Perhaps pro-life Democrats should be added to the endangered species list.

The moral and ethical position of the DNC is abortion = birth = adoption. Whether a woman aborts a child, keeps a child, or gives the child to adoptive parents it is a morally equivalent decision. No recommendation is made for a preferred end. They “strongly and unequivocally support” all options. Dismembering a child in the womb is given no moral difference from one delivered healthy into the arms of its mother.
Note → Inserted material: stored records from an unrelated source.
(* Let $T_1$ and $T_2$ be completely nonunitary contractions. If the algebra $H^\infty(T_1\oplus T_2)$ has the closability property, then so do $H^\infty(T_1)$ and $H^\infty(T_2)$.
   Context: A contraction is completely nonunitary if it has no nontrivial unitary direct summand; $u\mapsto u(T)$ is its Sz.-Nagy–Foias $H^\infty$ functional calculus and $H^\infty(T)=\{u(T):u\in H^\infty\}$. A unital algebra has the closability property if every densely defined linear transformation commuting with it (domain dense and invariant, commuting on the domain) is closable, i.e. the closure of its graph is a graph. *)

From HB Require Import structures.
From mathcomp Require Import all_boot all_order all_algebra.
From mathcomp Require Import reals.
From mathcomp Require Import complex.
Set Implicit Arguments. Unset Strict Implicit. Unset Printing Implicit Defensive.
Import Order.TTheory GRing.Theory Num.Theory.
Local Open Scope ring_scope.
Local Open Scope complex_scope.

Section Hilbert.
Variable R : realType.
Local Notation C := R[i].
Variable V : lmodType C.
(* ip : the inner product (linear in the first variable) *)
Variable ip : V -> V -> C.

Definition vnorm (x : V) : R := Num.sqrt (complex.Re (ip x x)).

Definition cauchy_seq (s : nat -> V) : Prop :=
  forall eps : R, 0 < eps -> exists N : nat,
    forall m n : nat, (N <= m)%N -> (N <= n)%N -> vnorm (s m - s n) < eps.

Definition seq_to (s : nat -> V) (x : V) : Prop :=
  forall eps : R, 0 < eps -> exists N : nat,
    forall n : nat, (N <= n)%N -> vnorm (s n - x) < eps.

Definition hilbert : Prop :=
  [/\ (forall (a : C) (x y z : V), ip (a *: x + y) z = a * ip x z + ip y z),
      (forall x y : V, ip y x = (ip x y)^*),
      (forall x : V, 0 <= ip x x),
      (forall x : V, ip x x = 0 -> x = 0) &
      (forall s : nat -> V, cauchy_seq s -> exists x, seq_to s x)].

Definition linear_op (T : V -> V) : Prop :=
  forall (a : C) (x y : V), T (a *: x + y) = a *: T x + T y.

Definition contraction (T : V -> V) : Prop :=
  linear_op T /\ forall x : V, vnorm (T x) <= vnorm x.

Definition subspace (M : V -> Prop) : Prop :=
  M 0 /\ forall (a : C) (x y : V), M x -> M y -> M (a *: x + y).

Definition closed_set (M : V -> Prop) : Prop :=
  forall x : V, (forall eps : R, 0 < eps -> exists m, M m /\ vnorm (x - m) < eps)
    -> M x.

Definition orth (M : V -> Prop) (x : V) : Prop := forall m, M m -> ip x m = 0.

(* T has no nonzero reducing subspace M on which T is unitary *)
Definition cnu (T : V -> V) : Prop :=
  forall M : V -> Prop, subspace M -> closed_set M ->
    (forall x, M x -> M (T x)) ->
    (forall x, orth M x -> orth M (T x)) ->
    (forall x, M x -> vnorm (T x) = vnorm x) ->
    (forall y, M y -> exists x, M x /\ T x = y) ->
    forall x, M x -> x = 0.

(* H^oo, through Taylor coefficients: a : nat -> C is the coefficient sequence
   of a bounded holomorphic function on the open unit disc *)
Definition cseries_to (c : nat -> C) (s : C) : Prop :=
  forall eps : R, 0 < eps -> exists N : nat,
    forall n : nat, (N <= n)%N -> `|\sum_(k < n) c k - s| < eps%:C.

Definition Hinf (a : nat -> C) : Prop :=
  exists M : R, forall z : C, `|z| < 1 ->
    exists s : C, cseries_to (fun n => a n * z ^+ n) s /\ `|s| <= M%:C.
Author Steven Waldman noticed this very thing,

[T]he 2004 platform said abortion “should be safe, legal and rare” – language that’s [sic] casts abortion reduction as morally preferable, something this platform does not. [Emphasis added.]

Unfortunately, the DNC does seem to have a moral preference in the matter though unstated. This can be derived from the statistics of the DNC’s preferred provider of abortion, pre-natal care and adoption referrals, Planned Parenthood. In 2010 Planned Parenthood (who, as seen above in the Booker link, was a prominent player at the 2012 DNC) reported the following:

Planned Parenthood did 329,445 abortions while it provided prenatal care to 31,098 women (90% less) and referred only 841 women to adoption agencies.

The number of women receiving prenatal care dropped significantly from 2009 to 2010, as the abortion business helped 40,489 women in 2009 — meaning almost 10,000 fewer women received prenatal support from Planned Parenthood last year than the year prior, or a drop of almost 25 percent.

The number of women getting adoption referrals also declined — from a low 977 in 2009 to 841 last year, or a decline of 14 percent.

Examined another way Planned Parenthood does 391 abortions for every adoption referral it makes and almost 11 abortions for every woman it helps with prenatal care.

The direction the DNC has taken this year is indeed tragic. They have increased their strident support for Roe v Wade to a philosophical landfill in which good and evil are comparable. To quote Javert, “The world is inside out. The world is upside down.”